10.Characteristics of illness perceptions and its effect on quality of life in adult epileptics
Guiping GONG ; Houmian TU ; Haixia JI ; Nong ZHOU
Chinese Journal of Behavioral Medicine and Brain Science 2020;29(6):540-545
Objective:To explore the characteristics of illness perceptions and its effect on quality of life in adult epileptics.Methods:A cross-sectional study was conducted to evaluate 98 adult patients with epilepsy and 75 diabetic patients hospitalized at the same period.The Chinese illness perception questionnaire revised edition(CIPQ-R) was used to evaluate the differences in illness perception factors between the two groups.The quality of life in epilepsy-31(QOLIE-31) was used to assess the quality of life of 98 adult epilepsy patients and 55 healthy people, and the correlation analysis and multivariate regression analysis were used to investigate the effect of illness perceptions on the quality of life of epileptic patients.Results:The emotional representations factor score of CIPQ-R in the epilepsy group(21.73±5.79) was higher than that in the diabetes group (18.76±5.42) ( P<0.01). The scores of timeline acute/chronic, personal control and illness coherence factors of CIPQ-R in the epilepsy group((16.47±4.68), (20.91±4.03), (15.21±4.44)) were lower than those in the diabetes group ((19.16±4.75), (22.68±3.90), (16.56±3.73)) ( P<0.05). The scores of multiple factors in the quality of life scale of patients with epilepsy were lower than those in healthy controls( t=-2.264--8.203, P<0.01).

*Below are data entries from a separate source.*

(* (i) Let $I$ be any instance with $n$ agents and goods partitioned into categories $C_1,\dots,C_h$ with $m_j=|C_j|$ and cardinality constraints $\kappa=(k_1,\dots,k_h)$, $k_j\ge m_j/n$, ordered so that $\frac{k_1}{m_1}\le\dots\le\frac{k_h}{m_h}$, and with $k_1\le m_1$. Then $$\frac{\text{OPT-USW}(I)}{\max_{\mathcal{A}\in \mathcal{C}_\kappa(I)}\text{USW}(\mathcal{A})}\le\frac{m_1}{k_1}.$$ (ii) For all positive integers $n,k,q$ with $k\mid q$ and $q\le kn$, there is an instance with $n$ agents and $h=n$ categories, each with $m_j=q$ goods and constraint $k_j=k$, for which this ratio equals $\frac{q}{k}=\frac{m_1}{k_1}$.
   Context: Each agent $i$ has an additive utility function $u_i:2^M\to\mathbb{R}_{\ge 0}$ with $u_i(\emptyset)=0$ and $u_i(M)=1$, where $M=C_1\cup\dots\cup C_h$ is the set of goods. An allocation $(A_1,\dots,A_n)$ is a partition of $M$; it is cardinal if $|A_i\cap C_j|\le k_j$ for all $i,j$; $\mathcal{C}_\kappa(I)$ is the set of cardinal allocations. $\text{USW}(\mathcal{A})=\sum_i u_i(A_i)$ and $\text{OPT-USW}(I)$ is its maximum over all allocations. *)

From HB Require Import structures.
From mathcomp Require Import all_boot all_order all_algebra.
Set Implicit Arguments. Unset Strict Implicit. Unset Printing Implicit Defensive.
Import Order.TTheory GRing.Theory Num.Theory.
Local Open Scope ring_scope.

(* An instance: agents 'I_n, goods a finite type G, categories 'I_h given by
   cat : G -> 'I_h (so C_j = [set g | cat g == j]), additive utilities given
   by the per-good values u i g (u_i(S) = \sum_(g in S) u i g).
   An allocation (partition of M into A_1..A_n) is a function A : G -> 'I_n
   (A_i = [set g | A g == i]). *)

Definition bundle_util (R : numDomainType) (n : nat) (G : finType)
  (u : 'I_n -> G -> R) (i : 'I_n) (S : {set G}) : R :=
  \sum_(g in S) u i g.

Definition bundle (n : nat) (G : finType) (A : {ffun G -> 'I_n}) (i : 'I_n)
  : {set G} := [set g | A g == i].

Definition category (h : nat) (G : finType) (cat : G -> 'I_h) (j : 'I_h)
  : {set G} := [set g | cat g == j].

Definition normalized_utils (R : numDomainType) (n : nat) (G : finType)
  (u : 'I_n -> G -> R) : Prop :=
  (forall i g, 0 <= u i g) /\ (forall i, bundle_util u i [set: G] = 1).

Definition USW (R : numDomainType) (n : nat) (G : finType)
  (u : 'I_n -> G -> R) (A : {ffun G -> 'I_n}) : R :=
  \sum_(i < n) bundle_util u i (bundle A i).

Definition cardinal (n h : nat) (G : finType) (cat : G -> 'I_h)
  (k : 'I_h -> nat) (A : {ffun G -> 'I_n}) : bool :=
  [forall i : 'I_n, forall j : 'I_h,
     #|bundle A i :&: category cat j| <= k j]%N.

(* USW >= 0 for nonnegative utilities, so 0 is a harmless seed for the max *)
Definition OPT_USW (R : realDomainType) (n : nat) (G : finType)
  (u : 'I_n -> G -> R) : R :=
  \big[Num.max/0]_(A : {ffun G -> 'I_n}) USW u A.

Definition max_card_USW (R : realDomainType) (n h : nat) (G : finType)
  (cat : G -> 'I_h) (k : 'I_h -> nat) (u : 'I_n -> G -> R) : R :=
  \big[Num.max/0]_(A : {ffun G -> 'I_n} | cardinal cat k A) USW u A.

Correlation analysis showed that the emotional statement dimension and consequences factors in CIPQ-R were significantly negatively correlated with the total scores of QOLIE-31 and all the other factors it belongs to ( r=-0.202--0.527, P<0.05); the identity, timeline acute/chronic, and timeline cyclical factors in CIPQ-R were negatively correlated with the total score of QOLIE-31 ( r=-0.272--0.342, P<0.01); the treatment control and illness coherence factors in CIPQ-R were positively correlated with the total score of QOLIE-31 ( r=0.259, r=0.307, P<0.01). Multiple stepwise linear regression showed that the identity, timeline acute/chronic, consequences, timeline cyclical, and emotional representations factors were important factors influencing the quality of life of adults with epilepsy. Conclusion:Adult epileptics have certain negative illness perceptions.Among them, identity, timeline acute/chronic, consequences, timeline cyclical and emotional representations factors have significant effects on the quality of life of adult epileptics.